Publicado originalmente no G1

Os responsáveis pelo espólio do escritor J. R. R. Tolkien (1892-1973) abriram nesta segunda-feira (19), em Los Angeles, um processo de US$ 80 milhões contra o estúdio New Line, empresa subsidiária da Warner Bros., que filmou os três filmes inspirados na obra mais famosa do autor, “O senhor dos anéis”. A informação é da revista “The Hollywood Reporter”.

De acordo com reportagem do site da publicação, os herdeiros de Tolkien alegam que a Warner está “ultrapassando seus direitos quando se trata da comercialização de propriedade de ‘O senhor dos anéis'”. A “Hollywood Reporter”, que informa ter obtido uma cópia da ação judicial, acrescenta que a HaperCollins, editora dos livros, apoia a família do escritor.

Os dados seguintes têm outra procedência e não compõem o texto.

Definition preceq (prec : rel (word n)) (u v : word n) : Prop := u = v \/ prec u v.

Definition monomial_ordering (prec : rel (word n)) : Prop :=
  [/\ (forall u, ~~ prec u u),
      (forall u v w, prec u v -> prec v w -> prec u w),
      (forall u v, [\/ u = v, prec u v | prec v u]) &
      well_founded (fun u v => prec u v)] /\
  (
      (forall u v w s, prec u v -> prec (w ++ u ++ s) (w ++ v ++ s)) /\
      (forall u v, preceq prec u (u ++ v) /\ preceq prec v (u ++ v))).

Definition is_LM (prec : rel (word n)) (f : word n -> R) (m : word n) : Prop :=
  f m != 0 /\ forall w, f w != 0 -> preceq prec w m.

Definition wdivides (v u : word n) : Prop := exists w s, u = w ++ v ++ s.

Definition monic_groebner (prec : rel (word n))
  (G I : (word n -> R) -> Prop) : Prop :=
  (forall g, G g -> I g /\ exists m, is_LM prec g m /\ g m = 1) /\
  (forall f, I f -> (exists w, f w != 0) ->
     forall m, is_LM prec f m ->
       exists g m', [/\ G g, is_LM prec g m' & wdivides m' m]).

Definition normal_word (prec : rel (word n)) (G : (word n -> R) -> Prop)
  (w : word n) : Prop :=
  forall g m, G g -> is_LM prec g m -> ~ wdivides m w.

(* F_gamma A, on representatives f in R<X> of elements of A = R<X>/I:
   f + I = sum_i lambda_i (w_i + I) with lambda_i in F_gamma R, w_i in N(G). *)
Definition FA (d : Order.disp_t) (Gam : orderType d) (prec : rel (word n))
  (G I : (word n -> R) -> Prop) (F : Gam -> R -> Prop) (g : Gam)
  (f : word n -> R) : Prop :=
  exists s : seq (R * word n),
    [/\ (forall x, x \in s -> F g x.1),
        (forall x, x \in s -> normal_word prec G x.2) &
        I (padd f (popp (lincomb s)))].

(* An exhaustive Gamma-filtration of A = R<X>/I, where elements of A are
   represented by elements of R<X> and the operations are those of R<X>
   (the predicate FA' is I-saturated, i.e. a predicate on classes). *)
Definition quot_exh_filtration (d : Order.disp_t) (Gam : orderType d)
  (gadd : Gam -> Gam -> Gam) (g0 : Gam) (I : (word n -> R) -> Prop)
  (FA' : Gam -> (word n -> R) -> Prop) : Prop :=
  [/\ (forall g, (forall f f', FA' g f -> fsupp f' -> I (padd f (popp f')) -> FA' g f')
                 /\ FA' g pzero
                 /\ (forall f h, FA' g f -> FA' g h -> FA' g (padd f (popp h)))),
      (forall f, fsupp f -> exists g, FA' g f),
      (forall g1 g2 f, (g1 < g2)%O -> FA' g1 f -> FA' g2 f),
      (forall g t f h, FA' g f -> FA' t h -> FA' (gadd g t) (pmul f h)) &
      FA' g0 pone].

End FreeAlg.

From HB Require Import structures.
From mathcomp Require Import all_boot all_order all_algebra.
From mathcomp Require Import zify ring.
From Stdlib Require Import FunctionalExtensionality Classical.
Import Order.TTheory GRing.Theory.
Local Open Scope ring_scope.
Set Implicit Arguments. Unset Strict Implicit. Unset Printing Implicit Defensive.

(* Every f with coefficients in F_g R is congruent modulo I to a combination of
   normal words with coefficients in F_g R: as long as the leading word m of f is
   not normal, m = u LM(p) v for some p in G and we subtract f(m) u p v, which
   lowers the leading word, and whose coefficients stay in F_g R because those of
   p lie in F_0 R; the monomial ordering is well founded, so this terminates. This
   gives (F1) and (F3). Conversely, if c - sum_i lambda_i w_i lies in I with all
   w_i normal, it must vanish, since otherwise its leading word would be
   divisible by some LM(g) != 1; comparing constant terms gives c in F_g R. *)

Section FreeAlgebra.
Variables (R : comPzRingType) (n : nat).
Implicit Types (f h : word n -> R) (u v w : word n) (c : R).

Definition pmono c u : word n -> R := fun w => if w == u then c else 0.

Definition psandwich c u f v : word n -> R := pmul (pmul (pmono c u) f) (pmono 1 v).

Lemma sum_neq0_exists k (F : 'I_k -> R) :
  \sum_(i < k) F i != 0 -> exists i, F i != 0.
Proof.
case: (pickP (fun i => F i != 0)) => [i Fi _|F0]; first by exists i.
by rewrite big1 ?eqxx // => i _; apply/eqP/negbFE/F0.
Qed.

Lemma fsupp0 : fsupp (@pzero R n).
Proof. by exists [::] => w; rewrite eqxx. Qed.

Lemma fsupp_pmono c u : fsupp (pmono c u).
Proof. by exists [:: u] => w; rewrite /pmono mem_seq1; case: (w =P u); rewrite ?eqxx. Qed.

Lemma fsupp_add f h : fsupp f -> fsupp h -> fsupp (padd f h).
Proof.
move=> [s Hs] [t Ht]; exists (s ++ t) => w; rewrite /padd mem_cat.
have [/eqP fw0|/Hs -> //] := boolP (f w == 0).
by rewrite fw0 add0r => /Ht ->; rewrite orbT.
Qed.

Lemma fsupp_opp f : fsupp f -> fsupp (popp f).
Proof. by move=> [s Hs]; exists s => w; rewrite /popp oppr_eq0; apply: Hs. Qed.

Lemma fsupp_mul f h : fsupp f -> fsupp h -> fsupp (pmul f h).
Proof.
move=> [s Hs] [t Ht]; exists [seq x ++ y | x <- s, y <- t] => w.
case/sum_neq0_exists => i Hi; rewrite -(cat_take_drop i w); apply: allpairs_f.
  by apply: Hs; apply: contraNneq Hi => ->; rewrite mul0r.
by apply: Ht; apply: contraNneq Hi => ->; rewrite mulr0.
Qed.

Lemma lincomb_nz (s : seq (R * word n)) w : lincomb s w != 0 -> w \in map snd s.
Proof.
apply: contraNT => Hw; apply/eqP; apply: big1_seq => x /andP [/eqP xw sx].
by move: Hw; rewrite -xw map_f.
Qed.

Lemma fsupp_lincomb (s : seq (R * word n)) : fsupp (lincomb s).
Proof. by exists (map snd s) => w; apply: lincomb_nz. Qed.

Lemma lincomb_cat (s t : seq (R * word n)) w :
  lincomb (s ++ t) w = lincomb s w + lincomb t w.
Proof. by rewrite /lincomb big_cat. Qed.
(* Let $p_1,\dots,p_k\in\mathbb{K}[x_1,\dots,x_d]$ be pure difference binomials and let $L\subseteq\mathbb{Z}^d$ be the lattice spanned by their exponent vectors. There exists a linear loop with a diagonal update matrix $M\in\mathbb{Q}^{d\times d}$ (and initial vector in $\mathbb{Q}^d$) whose invariant ideal is $I_{\operatorname{Sat}(L)}$.
   Context: $\mathbb{K}=\overline{\mathbb{Q}}$. A pure difference binomial is $\bm{x}^{\bm{\alpha}}-\bm{x}^{\bm{\beta}}$ with $\bm{\alpha},\bm{\beta}\in\mathbb{N}^d$; its exponent vector is $\bm{\alpha}-\bm{\beta}$. $\operatorname{Sat}(L)=\{\bm{u}\in\mathbb{Z}^d : c\bm{u}\in L\text{ for some } c\in\mathbb{Z}\setminus\{0\}\}$; the lattice ideal of a lattice $L'$ is $I_{L'}=\langle \bm{x}^{\bm{\alpha}}-\bm{x}^{\bm{\beta}} : \bm{\alpha},\bm{\beta}\in\mathbb{N}^d,\ \bm{\alpha}-\bm{\beta}\in L'\rangle$. A linear loop with initial vector $\bm{s}$ and update matrix $M$ has orbit $M^n\bm{s}$, $n\ge0$; a polynomial $P\in\mathbb{K}[\bm{x}]$ is an invariant if $P(M^n\bm{s})=0$ for all $n\ge0$, and the invariant ideal is the ideal of all invariants. *)

From HB Require Import structures.
From mathcomp Require Import all_boot all_order all_algebra all_field.
From mathcomp Require Import mpoly.
Set Implicit Arguments. Unset Strict Implicit. Unset Printing Implicit Defensive.
Import Order.TTheory GRing.Theory Num.Theory.
Local Open Scope ring_scope.

(* K = \overline{Q} is modelled by algC (the algebraic numbers). *)

Definition pdbinom (d : nat) (a b : 'X_{1..d}) : {mpoly algC[d]} :=
  'X_[a] - 'X_[b].

Definition expvec (d : nat) (a b : 'X_{1..d}) : 'rV[int]_d :=
  \row_j ((a j)%:Z - (b j)%:Z).

Definition span_lattice (d k : nat) (v : 'I_k -> 'rV[int]_d) : 'rV[int]_d -> Prop :=
  fun u => exists c : 'I_k -> int, u = \sum_(i < k) c i *: v i.

Definition Sat (d : nat) (L : 'rV[int]_d -> Prop) : 'rV[int]_d -> Prop :=
  fun u => exists c : int, c != 0 /\ L (c *: u).

Definition ideal_gen (d : nat) (G : {mpoly algC[d]} -> Prop) : {mpoly algC[d]} -> Prop :=
  fun P => exists (s : seq ({mpoly algC[d]} * {mpoly algC[d]})),
     (forall q, q \in s -> G q.2) /\ P = \sum_(q <- s) q.1 * q.2.

Definition lattice_ideal (d : nat) (L' : 'rV[int]_d -> Prop) : {mpoly algC[d]} -> Prop :=
  ideal_gen (fun P => exists a b : 'X_{1..d}, L' (expvec a b) /\ P = pdbinom a b).

Definition orbit (d : nat) (M : 'M[rat]_d) (s : 'cV[rat]_d) (n : nat) : 'cV[rat]_d :=
  iter n (mulmx M) s.

Definition invariant_ideal (d : nat) (M : 'M[rat]_d) (s : 'cV[rat]_d) :
  {mpoly algC[d]} -> Prop :=
  fun P => forall n : nat, P.@[fun j => ratr (orbit M s n j 0)] = 0.

(* Take the loop [M = diag(λ_1, ..., λ_d)], [s = (1, ..., 1)], so that the orbit is
   [n ↦ (λ_1^n, ..., λ_d^n)] and a monomial [x^m] evaluates to [λ^m ^ n] along it.
   A polynomial vanishing on all these points has, for each value [z], coefficients
   summing to 0 over the monomials with [λ^m = z] (Vandermonde), hence lies in the
   ideal of the binomials [x^a - x^b] with [λ^a = λ^b].  Choosing an integer matrix
   [A] whose left kernel is the rational span of [L] and [λ_j = ∏_l p_l ^ A_jl] for
   distinct primes [p_l], unique factorisation gives [λ^a = λ^b] iff [(a - b) A = 0]
   iff [a - b ∈ Sat(L)]. *)
From Pilot Require Import Defs.
From HB Require Import structures.
From mathcomp Require Import all_boot all_order all_algebra all_field.
From mathcomp Require Import mpoly zify ring.
Set Implicit Arguments. Unset Strict Implicit. Unset Printing Implicit Defensive.
Import Order.TTheory GRing.Theory Num.Theory.
Local Open Scope ring_scope.

Lemma partition_big_undup (I J : eqType) (R : nmodType) (s : seq I)
    (f : I -> J) (F : I -> R) :
  \sum_(i <- s) F i = \sum_(j <- undup (map f s)) \sum_(i <- s | f i == j) F i.
Proof.
under [RHS]eq_bigr do rewrite big_mkcond.
rewrite exchange_big /=; apply: eq_big_seq => i si.
rewrite -big_mkcond /= (eq_bigl (pred1 (f i))); last by move=> j; rewrite /= eq_sym.
by rewrite -big_filter filter_pred1_uniq ?undup_uniq ?big_seq1 // mem_undup map_f.
Qed.

Lemma power_sums_eq0_fibers (I : eqType) (R : idomainType) (s : seq I)
    (c mu : I -> R) :
  (forall n, \sum_(i <- s) c i * mu i ^+ n = 0) ->
  forall z, \sum_(i <- s | mu i == z) c i = 0.
Proof.
move=> sum_pow0 z.
have sum_poly0 (q : {poly R}) : \sum_(i <- s) c i * q.[mu i] = 0.
  under eq_bigr do rewrite horner_coef big_distrr /=.
  rewrite exchange_big /= big1 // => k _.
  by under eq_bigr do rewrite mulrCA; rewrite -big_distrr /= sum_pow0 mulr0.
pose q := \prod_(y <- map mu s | y != z) ('X - y%:P).
have qE x : q.[x] = \prod_(y <- map mu s | y != z) (x - y).
  by rewrite horner_prod; apply: eq_bigr => y _; rewrite hornerXsubC.
have qz_neq0 : q.[z] != 0.
  rewrite qE prodf_seq_neq0; apply/allP => y _.
  by apply/implyP; rewrite subr_eq0 eq_sym.
have q_off_z i : i \in s -> mu i != z -> q.[mu i] = 0.
  move=> si miz; apply/eqP; rewrite qE prodf_seq_eq0; apply/hasP.
  by exists (mu i); rewrite ?map_f // miz subrr eqxx.
have := sum_poly0 q; rewrite (bigID (fun i => mu i == z)) /=.
rewrite [X in _ + X]big1_seq ?addr0; last first.
  by move=> i /andP[miz si]; rewrite q_off_z ?mulr0.
under eq_bigr => i /eqP -> do rewrite mulrC.
by rewrite -big_distrr /= => /eqP; rewrite mulf_eq0 (negPf qz_neq0) => /eqP.
Qed.

Lemma ideal_gen_mono (d : nat) (G G' : {mpoly algC[d]} -> Prop) (P : {mpoly algC[d]}) :
  (forall Q, G Q -> G' Q) -> ideal_gen G P -> ideal_gen G' P.
Proof. by move=> GG' [s [Gs ->]]; exists s; split => // q /Gs /GG'. Qed.

Section VanishingOnPowers.
Variables (d : nat) (w : 'I_d -> algC).

Definition mweight (m : 'X_{1..d}) : algC := \prod_j w j ^+ m j.

Definition equal_weight_binomial (Q : {mpoly algC[d]}) : Prop :=
  exists a b, mweight a = mweight b /\ Q = pdbinom a b.

Lemma meval_mpolyX_powers (m : 'X_{1..d}) n :
  ('X_[m] : {mpoly algC[d]}).@[fun j => w j ^+ n] = mweight m ^+ n.
Proof. by rewrite mevalX -prodrXl; apply: eq_bigr => j _; rewrite exprAC. Qed.

Lemma meval_powers (P : {mpoly algC[d]}) n :
  P.@[fun j => w j ^+ n] = \sum_(m <- msupp P) P@_m * mweight m ^+ n.
Proof. by rewrite mevalE; apply: eq_bigr => m _; rewrite -mevalX meval_mpolyX_powers. Qed.

Lemma vanishing_powers_binomialP (P : {mpoly algC[d]}) :
  (forall n, P.@[fun j => w j ^+ n] = 0) <-> ideal_gen equal_weight_binomial P.
Proof.
split=> [P0 | [s [Gs ->]] k]; last first.
  rewrite raddf_sum /= big1_seq // => q /andP[_ /Gs [a [b [ab ->]]]].
  by rewrite mevalM mevalB !meval_mpolyX_powers ab subrr mulr0.
set S := msupp P.
have fiber0 z : \sum_(m <- S | mweight m == z) P@_m = 0.
  by apply: (@power_sums_eq0_fibers _ _ S _ mweight) => n; rewrite -meval_powers.
pose rep z := nth 0%MM S (find (fun m => mweight m == z) S).
have rep_weight m : m \in S -> mweight (rep (mweight m)) = mweight m.
  move=> Sm; apply/eqP/(@nth_find _ _ (fun m' => mweight m' == mweight m)).
  by apply/hasP; exists m.
(* [P = Σ_m P@_m (x^m - x^(rep m))], because the [P@_m] sum to 0 on each weight class. *)
exists [seq ((P@_m)%:MP, pdbinom m (rep (mweight m))) | m <- S]; split.
  by move=> q /mapP [m Sm ->]; exists m, (rep (mweight m)); rewrite rep_weight.
rewrite big_map {1}(mpolyE P) -/S.
under [RHS]eq_bigr do rewrite /pdbinom /= mul_mpolyC scalerBr.
rewrite sumrB; suff -> : \sum_(m <- S) P@_m *: 'X_[rep (mweight m)] = 0.
  by rewrite subr0.
rewrite (partition_big_undup _ mweight) big1 // => z _.
rewrite (eq_bigr (fun m => P@_m *: 'X_[rep z])) => [|m /eqP -> //].
by rewrite -scaler_suml fiber0 scale0r.
Qed.

End VanishingOnPowers.

Lemma common_denominator (I : finType) (x : I -> rat) :
  exists2 D : int, D != 0 & forall i, exists z : int, z%:~R = D%:~R * x i.
Proof.
exists (\prod_i denq (x i)).
  by rewrite prodf_seq_neq0; apply/allP => i _; rewrite denq_neq0.
move=> i; exists (numq (x i) * \prod_(j | j != i) denq (x j)).
by rewrite [in RHS](bigD1 i) //= !intrM numqE; ring.
Qed.

Lemma map_mx_intr_eq0 (m n : nat) (B : 'M[int]_(m, n)) :
  (map_mx intr B == 0 :> 'M[rat]_(m, n)) = (B == 0).
Proof.
apply/eqP/eqP => [/matrixP B0 | ->]; last exact: map_mx0.
by apply/matrixP => i j; have /eqP := B0 i j; rewrite !mxE intr_eq0 => /eqP.
Qed.

Section SaturationKernel.
Variables (d k : nat) (v : 'I_k -> 'rV[int]_d).

Definition lattice_mx : 'M[rat]_(k, d) := \matrix_(i, j) (v i 0 j)%:~R.

Lemma Sat_span_lattice_submx (u : 'rV[int]_d) :
  Sat (span_lattice v) u <-> (map_mx intr u <= lattice_mx)%MS.
Proof.
split=> [[c [c0 [w cuE]]] | /submxP [W uE]].
  apply/submxP; exists (\row_i ((w i)%:~R / c%:~R)); apply/rowP => j.
  have := congr1 (fun B : 'rV[int]_d => (B 0 j)%:~R : rat) cuE.
  rewrite !mxE summxE rmorph_sum /= intrM => cujE.
  have cq0 : (c%:~R : rat) != 0 by rewrite intr_eq0.
  apply: (mulfI cq0); rewrite cujE mulr_sumr; apply: eq_bigr => i _.
  by rewrite !mxE intrM; field.
have [D D0 /fin_all_exists [z zE]] := common_denominator (fun i => W 0 i).
exists D; split => //; exists z; apply/rowP => j; apply: (@intr_inj rat).
have := congr1 (fun B : 'rV[rat]_d => B 0 j) uE; rewrite !mxE => ujE.
rewrite intrM ujE summxE rmorph_sum /= mulr_sumr; apply: eq_bigr => i _.
by rewrite !mxE intrM zE mulrA.
Qed.

Lemma Sat_span_lattice_kernel :
  exists A : 'M[int]_d, forall u, Sat (span_lattice v) u <-> u *m A = 0.
Proof.
pose C := cokermx lattice_mx.
have [D D0 /fin_all_exists [Af AfE]] :=
  common_denominator (fun jl : 'I_d * 'I_d => C jl.1 jl.2).
pose A := \matrix_(j, l) Af (j, l).
have AE : map_mx intr A = D%:~R *: C.
  by apply/matrixP => j l; move: (AfE (j, l)); rewrite !mxE.
exists A => u; rewrite Sat_span_lattice_submx submxE.
have AuE : (u *m A == 0) = (map_mx intr u *m C == 0).
  by rewrite -map_mx_intr_eq0 map_mxM AE -scalemxAr scaler_eq0 intr_eq0 (negPf D0).
by rewrite -AuE; split=> /eqP.
Qed.

End SaturationKernel.

Section DistinctPrimes.
Variables (d : nat) (p : 'I_d -> nat).
Hypotheses (p_prime : forall l, prime (p l)) (p_inj : injective p).

Lemma logn_prod_primes (e : 'I_d -> nat) (l : 'I_d) :
  logn (p l) (\prod_(l' < d) p l' ^ e l') = e l.
Proof.
have [_ ->] : (0 < \prod_(l' < d) p l' ^ e l')%N /\
    logn (p l) (\prod_(l' < d) p l' ^ e l') = \sum_(l' < d) (e l' * (l == l'))%N.
  apply: (big_ind2 (fun x y => 0 < x /\ logn (p l) x = y)%N).
  - by rewrite logn1.
  - by move=> x1 x2 y1 y2 [x1_gt0 <-] [x2_gt0 <-]; rewrite muln_gt0 x1_gt0 lognM.
  - move=> l' _; rewrite expn_gt0 prime_gt0 // lognX logn_prime //.
    by rewrite (inj_eq p_inj).
rewrite (bigD1 l) //= eqxx muln1 big1 => [|l' /negbTE l'l]; first exact: addn0.
by rewrite eq_sym l'l muln0.
Qed.

Lemma prod_primes_exprz_inj (x y : 'I_d -> int) :
  \prod_(l < d) ((p l)%:R : rat) ^ x l = \prod_(l < d) ((p l)%:R : rat) ^ y l ->
  x =1 y.
Proof.
move=> xy.
pose N := \sum_(l < d) (`|x l| + `|y l|)%N.
have le_N l : (`|x l| + `|y l| <= N)%N by rewrite /N (bigD1 l) //= leq_addr.
have xN l : (`|x l| <= N)%N by have := le_N l; lia.
have yN l : (`|y l| <= N)%N by have := le_N l; lia.
(* Shifting all exponents by [N] makes them natural numbers. *)
pose e (z : 'I_d -> int) l := absz (z l + N%:Z).
have eE (z : 'I_d -> int) l : (`|z l| <= N)%N -> (e z l)%:Z = z l + N%:Z.
  by move=> zN; rewrite /e gez0_abs //; lia.
have p_unit l : ((p l)%:R : rat) \is a GRing.unit.
  by rewrite unitfE pnatr_eq0 -lt0n prime_gt0.
have prod_shift (z : 'I_d -> int) : (forall l, `|z l| <= N)%N ->
    ((\prod_(l < d) p l ^ e z l)%N%:R : rat) =
    \prod_(l < d) ((p l)%:R : rat) ^ z l * \prod_(l < d) ((p l)%:R : rat) ^ N%:Z.
  move=> zN; rewrite natr_prod -big_split /=; apply: eq_bigr => l _.
  by rewrite natrX -exprzDr // -eE.
have eq_shift : (\prod_(l < d) p l ^ e x l = \prod_(l < d) p l ^ e y l)%N.
  by apply/eqP; rewrite -(eqr_nat rat) !prod_shift ?xy.
move=> l; have := logn_prod_primes (e x) l; rewrite eq_shift logn_prod_primes.
by move/(congr1 Posz); rewrite !eE // => /addIr.
Qed.

End DistinctPrimes.

Fixpoint prime_seq (n : nat) : nat :=
  if n is n'.+1 then sval (prime_above (prime_seq n')) else 2.

Lemma prime_seq_prime n : prime (prime_seq n).
Proof. by case: n => [|n] //=; case: prime_above. Qed.

Lemma prime_seq_inj : injective prime_seq.
Proof.
apply: incn_inj; apply: leq_mono; apply: homo_ltn; first exact: ltn_trans.
by move=> n /=; case: prime_above.
Qed.

Definition multinom_row (d : nat) (m : 'X_{1..d}) : 'rV[int]_d := \row_j (m j)%:Z.

Lemma expvecE (d : nat) (a b : 'X_{1..d}) :
  expvec a b = multinom_row a - multinom_row b.
Proof. by apply/rowP => j; rewrite !mxE. Qed.

Section PrimePowerWeights.
Variables (d : nat) (A : 'M[int]_d).

Let p (l : 'I_d) : rat := (prime_seq l)%:R.

Definition prime_power_row (j : 'I_d) : rat := \prod_(l < d) p l ^ A j l.

Lemma prod_prime_power_rowE (m : 'X_{1..d}) :
  \prod_(j < d) prime_power_row j ^+ m j =
  \prod_(l < d) p l ^ (multinom_row m *m A) 0 l.
Proof.
have p_unit l : p l \is a GRing.unit.
  by rewrite unitfE pnatr_eq0 -lt0n prime_gt0 ?prime_seq_prime.
under eq_bigr do rewrite -prodrXl.
rewrite exchange_big /=; apply: eq_bigr => l _; rewrite !mxE.
rewrite (big_morph (fun e : int => p l ^ e) (exprzDr (p_unit l)) (expr0z (p l))).
by apply: eq_bigr => j _; rewrite !mxE exprnP exprz_exp mulrC.
Qed.

Lemma prod_prime_power_row_eq (a b : 'X_{1..d}) :
  \prod_(j < d) prime_power_row j ^+ a j = \prod_(j < d) prime_power_row j ^+ b j <->
  expvec a b *m A = 0.
Proof.
rewrite !prod_prime_power_rowE expvecE mulmxBl; split => [ab | /eqP].
  apply/eqP; rewrite subr_eq0; apply/eqP/rowP => l.
  have p_inj : injective (fun l : 'I_d => prime_seq l).
    by move=> l1 l2 /prime_seq_inj /val_inj.
  exact: (prod_primes_exprz_inj (fun l => prime_seq_prime l) p_inj ab l).
by rewrite subr_eq0 => /eqP ->.
Qed.

End PrimePowerWeights.

Lemma orbit_diag_mx (d : nat) (lam : 'rV[rat]_d) (s : 'cV[rat]_d) n j :
  Defs.orbit (diag_mx lam) s n j 0 = lam 0 j ^+ n * s j 0.
Proof.
elim: n => [|n IHn]; first by rewrite mul1r.
by rewrite /Defs.orbit iterS -/(Defs.orbit _ _ n) mul_diag_mx mxE IHn exprS mulrA.
Qed.

Lemma invariant_ideal_diag_ones (d : nat) (lam : 'I_d -> rat) (P : {mpoly algC[d]}) :
  invariant_ideal (diag_mx (\row_j lam j)) (const_mx 1) P <->
  (forall n, P.@[fun j => ratr (lam j) ^+ n] = 0).
Proof.
suff orbitE n :
    P.@[fun j => ratr (Defs.orbit (diag_mx (\row_j lam j)) (const_mx 1) n j 0)] =
    P.@[fun j => ratr (lam j) ^+ n].
  by split=> P0 n; rewrite ?orbitE // -orbitE.
by apply: meval_eq => j; rewrite orbit_diag_mx !mxE mulr1 rmorphXn.
Qed.

Theorem theorem3p7 (d k : nat) (a b : 'I_k -> 'X_{1..d}) :
  exists (M : 'M[rat]_d) (s : 'cV[rat]_d),
    is_diag_mx M /\
    (forall P : {mpoly algC[d]},
       invariant_ideal M s P <->
       lattice_ideal (Sat (span_lattice (fun i => expvec (a i) (b i)))) P).
Proof.
have [A SatE] := Sat_span_lattice_kernel (fun i => expvec (a i) (b i)).
exists (diag_mx (\row_j prime_power_row A j)), (const_mx 1).
split=> [|P]; first exact: diag_mx_is_diag.
apply: iff_trans (invariant_ideal_diag_ones (prime_power_row A) P) _.
apply: iff_trans (vanishing_powers_binomialP _ P) _.
have weightE m : mweight (fun j => ratr (prime_power_row A j)) m =
                 ratr (\prod_j prime_power_row A j ^+ m j).
  by rewrite rmorph_prod; apply: eq_bigr => j _; rewrite rmorphXn.
split; apply: ideal_gen_mono => _ [x [y [xy ->]]]; exists x, y; split => //.
- apply/SatE/prod_prime_power_row_eq; apply: (fmorph_inj (@ratr algC)).
  by move: xy; rewrite !weightE.
- by rewrite !weightE; congr ratr; apply/prod_prime_power_row_eq/SatE.
Qed.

A infração dos direitos autorais estaria especificamente ligada à violação de contrato, que previa a criação apenas de mercadoria “tangível”, caso de criações que reproduzem personagens e figurinos – e não exploração de conteúdos digitais, como games jogados na internet, por exemplo. A família usa o termo “caça-níqueis online” para se referir ao que a Warner tem feito, segundo a “Hollywood Reporter”.

A ação vem à tona poucas semanas antes da estreia de “O Hobbit: Uma jornada inesperada”, também baseado na obra de J. R. R. Tolkien. Em 2008, a família do autor já entrado com um processo contra a Warner, acusando a empresa de não ter pago “nem um centavo” dos lucros obtidos com a trilogia “O senhor dos anéis”, estimados em cerca de US$ 6 bilhões desde a estreia do capítulo inaugural, em 2001.

Na época, os herdeiros e a HarperCollins figuravam como codemandantes da ação apresentada pelo Tolkien Trust, grupo de caridade com sede na Grã-Bretanha, na Corte Superior de Los Angeles.